Figure 3. 27-OHC induced increase in CHOP expression reduces binding of C/EBPα to the leptin promoter region and subsequently attenuates leptin transcription.

Figure 3

Open in a new tab

(a,b) 27-OHC results in increased co-immunoprecipitation of CHOP in C/EBPα immunoprecipitated cells and C/EBPα in CHOP immunoprecipitated cells while pretreatment with 4-PBA precludes this effect. (c) EMSA analysis shows that 27-OHC significantly reduces the binding of C/EBPα to the exogenous sequence corresponding to the leptin promoter region, an effect that is reversed by 4-PBA. (d) ChIP analysis demonstrates that 27-OHC significantly decreases binding of C/EBPα to the leptin promoter region and 4-PBA obviates this effect. Data is expressed as Mean + S.E.M and includes determinations made in four separate cell culture experiments (n=4). ***p<0.001 versus control, p< 0.05 versus 27-OHC

3.4. siRNA to CHOP reduces 27-OHC-induced attenuation of C/EBPα binding to the leptin promoter

To further elucidate the role of CHOP in mediating the attenuation of C/EBPα binding to the leptin promoter in 27-OHC-induced ER stress, we silenced CHOP expression by RNAi in 27-OHC treated samples. As expected, Co-IP analysis shows that silencing CHOP expression decreases the amount of C/EBPα complexed with CHOP (Fig 4a,b) thereby not sequestering C/EBPα and allowing it to bind to the leptin promoter. Co-IP analysis also shows a significant attenuation in CHOP immunoprecipitation in CHOP-silenced cells, thereby demonstrating specificity of the immunoprecipitation process (Fig 4c). Furthermore, to eliminate the confounding factor that silencing CHOP expression may elicit effects on leptin expression by altering C/EBPα expression rather than sequestration, we determined the effect of silencing CHOP on C/EBPα expression. We found that silencing CHOP expression does not affect C/EBPα expression (Fig 4d). However, silencing CHOP expression completely reverses 27-OHC-induced attenuation in C/EBPα binding to the leptin promoter as demonstrated by EMSA and ChIP analysis (Fig 4e,f). This suggests that CHOP expression is required for 27-OHC-evoked ER stress-induced inhibition of C/EBPα binding to the leptin promoter.

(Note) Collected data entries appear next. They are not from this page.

(* It is undecidable whether, for an arbitrary ranked alphabet $\Sigma$, computable strong bimonoid $B$, and bottom-up deterministic $(\Sigma,B)$-wta $\mathcal{A}$, the Nerode $(\Sigma,B)$-algebra $\mathcal{N}(\mathcal{A})$ is finite.
   Context: Ranked alphabet $\Sigma$ ($\Sigma^{(0)}\ne\emptyset$), trees $T_\Sigma$. Strong bimonoid $(B,\oplus,\otimes,\mathbb{0},\mathbb{1})$: commutative monoid $(B,\oplus,\mathbb{0})$, monoid $(B,\otimes,\mathbb{1})$, $\mathbb{0}\ne\mathbb{1}$, $\mathbb{0}$ absorbing; computable if $B$ is recursive and $\oplus,\otimes$ are computable. $(\Sigma,B)$-wta $\mathcal{A}=(Q,\delta,F)$: $Q$ finite nonempty, $\delta_k:Q^k\times\Sigma^{(k)}\times Q\to B$, $F:Q\to B$; bottom-up deterministic if for all $k,\sigma,q_1,\dots,q_k$ at most one $q$ has $\delta_k(q_1\dots q_k,\sigma,q)\ne\mathbb{0}$. Vector algebra $\mathrm{V}(\mathcal{A})=(B^Q,\delta_{\mathcal{A}})$, $\delta_{\mathcal{A}}(\sigma)(v_1,\dots,v_k)_q=\bigoplus_{q_1,\dots,q_k}\big(\bigotimes_{i=1}^k(v_i)_{q_i}\big)\otimes\delta_k(q_1\dots q_k,\sigma,q)$. The Nerode algebra $\mathcal{N}(\mathcal{A})=(Q_{\mathcal{N}},\theta_{\mathcal{N}},F_{\mathcal{N}})$ has carrier $Q_{\mathcal{N}}$ the smallest subset of $B^Q$ closed under all $\delta_{\mathcal{A}}(\sigma)$ (equivalently the image of the unique homomorphism $T_\Sigma\to\mathrm{V}(\mathcal{A})$), restricted operations, and $(F_{\mathcal{N}})_v=\bigoplus_q v_q\otimes F_q$; it is finite if $Q_{\mathcal{N}}$ is finite. *)

From HB Require Import structures.
From mathcomp Require Import all_boot.
Set Implicit Arguments. Unset Strict Implicit. Unset Printing Implicit Defensive.

(* Cantor pairing and its inverse (enumeration of the diagonals). *)
Definition cpair (x y : nat) : nat := ((x + y) * (x + y).+1)./2 + y.
Definition unpair_step (p : nat * nat) : nat * nat :=
  if p.1 is x.+1 then (x, p.2.+1) else (p.2.+1, 0).
Definition unpair (n : nat) : nat * nat := iter n unpair_step (0, 0).

Inductive prog : Type :=
| PZero
| PSucc
| PId
| PFst
| PSnd
| PComp of prog & prog       (* PComp f g = f o g *)
| PPair of prog & prog
| PRec of prog & prog
| PMu of prog.

Inductive evalR : prog -> nat -> nat -> Prop :=
| ev_zero x : evalR PZero x 0
| ev_succ x : evalR PSucc x x.+1
| ev_id x : evalR PId x x
| ev_fst x : evalR PFst x (unpair x).1
| ev_snd x : evalR PSnd x (unpair x).2
| ev_comp f g x y z : evalR g x y -> evalR f y z -> evalR (PComp f g) x z
| ev_pair f g x a b : evalR f x a -> evalR g x b -> evalR (PPair f g) x (cpair a b)
| ev_rec0 f g n x y : unpair n = (0, x) -> evalR f x y -> evalR (PRec f g) n y
| ev_recS f g n m x y z : unpair n = (m.+1, x) ->
    evalR (PRec f g) (cpair m x) y -> evalR g (cpair m (cpair y x)) z ->
    evalR (PRec f g) n z
| ev_mu f x n : evalR f (cpair n x) 0 ->
    (forall i, i < n -> exists y, evalR f (cpair i x) y.+1) ->
    evalR (PMu f) x n.

Fixpoint prog_to_tree (p : prog) : GenTree.tree nat :=
  match p with
  | PZero => GenTree.Node 0 [::]
  | PSucc => GenTree.Node 1 [::]
  | PId => GenTree.Node 2 [::]
  | PFst => GenTree.Node 3 [::]
  | PSnd => GenTree.Node 4 [::]
  | PComp f g => GenTree.Node 5 [:: prog_to_tree f; prog_to_tree g]
  | PPair f g => GenTree.Node 6 [:: prog_to_tree f; prog_to_tree g]
  | PRec f g => GenTree.Node 7 [:: prog_to_tree f; prog_to_tree g]
  | PMu f => GenTree.Node 8 [:: prog_to_tree f]
  end.

Fixpoint tree_to_prog (t : GenTree.tree nat) : option prog :=
  match t with
  | GenTree.Node 0 [::] => Some PZero
  | GenTree.Node 1 [::] => Some PSucc
  | GenTree.Node 2 [::] => Some PId
  | GenTree.Node 3 [::] => Some PFst
  | GenTree.Node 4 [::] => Some PSnd
  | GenTree.Node 5 [:: a; b] =>
      if (tree_to_prog a, tree_to_prog b) is (Some f, Some g)
      then Some (PComp f g) else None
  | GenTree.Node 6 [:: a; b] =>
      if (tree_to_prog a, tree_to_prog b) is (Some f, Some g)
      then Some (PPair f g) else None
  | GenTree.Node 7 [:: a; b] =>
      if (tree_to_prog a, tree_to_prog b) is (Some f, Some g)
      then Some (PRec f g) else None
  | GenTree.Node 8 [:: a] =>
      if tree_to_prog a is Some f then Some (PMu f) else None
  | _ => None
  end.

Lemma prog_treeK : pcancel prog_to_tree tree_to_prog.
Proof. by elim=> //= f -> // g ->. Qed.

HB.instance Definition _ := Countable.copy prog (pcan_type prog_treeK).

(*  - ranked alphabet: symbols 0 .. size ranks - 1, symbol s has rank       *)
(*    nth 0 ranks s;                                                        *)
(*  - computable strong bimonoid: carrier B a subset of nat decided by      *)
(*    memP; oplus, otimes computed by addP, mulP on cpair x y; constants    *)
(*    zeroB, oneB;                                                          *)
(*  - wta: states 0 .. nQ - 1; transition weights listed in trans as        *)
(*    entries (q1..qk, sigma, q, weight), unlisted weights are zeroB;       *)
(*    final weights finw.                                                   *)

Record instance := Inst {
  ranks : seq nat;
  memP : prog; addP : prog; mulP : prog;
  zeroB : nat; oneB : nat;
  nQ : nat;
  trans : seq (seq nat * nat * nat * nat);
  finw : seq nat }.

Definition inst_to (I : instance) :=
  (ranks I, memP I, addP I, mulP I, zeroB I, oneB I, nQ I, trans I, finw I).
Definition inst_of x :=
  let: (r, a, b, c, d, e, f, g, h) := x in Inst r a b c d e f g h.
Lemma instK : cancel inst_to inst_of. Proof. by case. Qed.
HB.instance Definition _ := Countable.copy instance (can_type instK).

Section Semantics.
Variables (I : instance) (add mul : nat -> nat -> nat).

Definition rank (s : nat) : nat := nth 0 (ranks I) s.

Definition delta (qs : seq nat) (s q : nat) : nat :=
  if [seq e.2 | e <- trans I & e.1 == (qs, s, q)] is w :: _ then w else zeroB I.

Fixpoint state_tuples (k : nat) : seq (seq nat) :=
  if k is k'.+1 then [seq q :: t | q <- iota 0 (nQ I), t <- state_tuples k']
  else [:: [::]].

(* vectors in B^Q are sequences of length nQ; the operation delta_A(s) *)
Definition deltaA (s : nat) (vs : seq (seq nat)) : seq nat :=
  [seq foldr add (zeroB I)
       [seq mul (foldr mul (oneB I)
                  [seq nth (zeroB I) vq.1 vq.2 | vq <- zip vs qs])
                (delta qs s q)
       | qs <- state_tuples (size vs)]
  | q <- iota 0 (nQ I)].

Inductive nerode_carrier : seq nat -> Prop :=
| NC_step s vs : s < size (ranks I) -> size vs = rank s ->
    (forall v, v \in vs -> nerode_carrier v) -> nerode_carrier (deltaA s vs).

Definition nerode_finite : Prop :=
  exists l : seq (seq nat), forall v, nerode_carrier v -> v \in l.

End Semantics.

(* chi : characteristic function of B, add/mul : oplus/otimes, all three
   computed by the programs of the instance. *)
Definition valid_instance (I : instance) (chi : nat -> bool)
  (add mul : nat -> nat -> nat) : Prop :=
  let inB x := chi x in
  (* ranked alphabet with Sigma^(0) nonempty *)
  0 \in ranks I /\
  (* computable strong bimonoid (B = {n | chi n}) *)
  (forall n, evalR (memP I) n (chi n)) /\
  (forall x y, inB x -> inB y ->
     evalR (addP I) (cpair x y) (add x y) /\ inB (add x y)) /\
  (forall x y, inB x -> inB y ->
     evalR (mulP I) (cpair x y) (mul x y) /\ inB (mul x y)) /\
  inB (zeroB I) /\ inB (oneB I) /\ zeroB I <> oneB I /\
  (forall x y z, inB x -> inB y -> inB z ->
     add x (add y z) = add (add x y) z) /\
  (forall x y, inB x -> inB y -> add x y = add y x) /\
  (forall x, inB x -> add x (zeroB I) = x) /\
  (forall x y z, inB x -> inB y -> inB z ->
     mul x (mul y z) = mul (mul x y) z) /\
  (forall x, inB x -> mul (oneB I) x = x /\ mul x (oneB I) = x) /\
  (forall x, inB x -> mul (zeroB I) x = zeroB I /\ mul x (zeroB I) = zeroB I) /\
  0 < nQ I /\
  (forall qs s q w, (qs, s, q, w) \in trans I ->
     [/\ s < size (ranks I), size qs = rank I s,
         all (fun p => p < nQ I) qs, q < nQ I & inB w]) /\
  size (finw I) = nQ I /\ all inB (finw I) /\
  (forall qs s q q', q < nQ I -> q' < nQ I ->
     delta I qs s q <> zeroB I -> delta I qs s q' <> zeroB I -> q = q').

Figure 4. siRNA to CHOP reduces 27-OHC-induced attenuation of C/EBPα binding to the leptin promoter.

Figure 4

Open in a new tab

(a,b) Silencing CHOP expression completely precludes the 27-OHC-induced increase in co-immunoprecipitation of CHOP in C/EBPα immunoprecipitated cells and C/EBPα in CHOP immunoprecipitated cells. (c) Immunoprecipitation (IP) analysis of CHOP demonstrates a marked attenuation in CHOP IP using CHOP antibody in CHOP-silenced cells. (d) Representative Western blot shows that silencing CHOP expression does not affect C/EBPα levels in the whole cell extracts. (e) EMSA and (f) ChIP analyses demonstrate that silencing CHOP expression prevents the 27-OHC-induced attenuation of C/EBPα binding to the leptin promoter. (g,h) Luciferase assay shows that 27-OHC significantly decreases C/EBPα transcriptional activity and attenuates leptin promoter activity. Data is expressed as Mean + S.E.M and includes determinations made in four separate cell culture experiments (n=4). ***p<0.001 versus control, ††p<0.01 and ††† p<0.001 versus 27-OHC.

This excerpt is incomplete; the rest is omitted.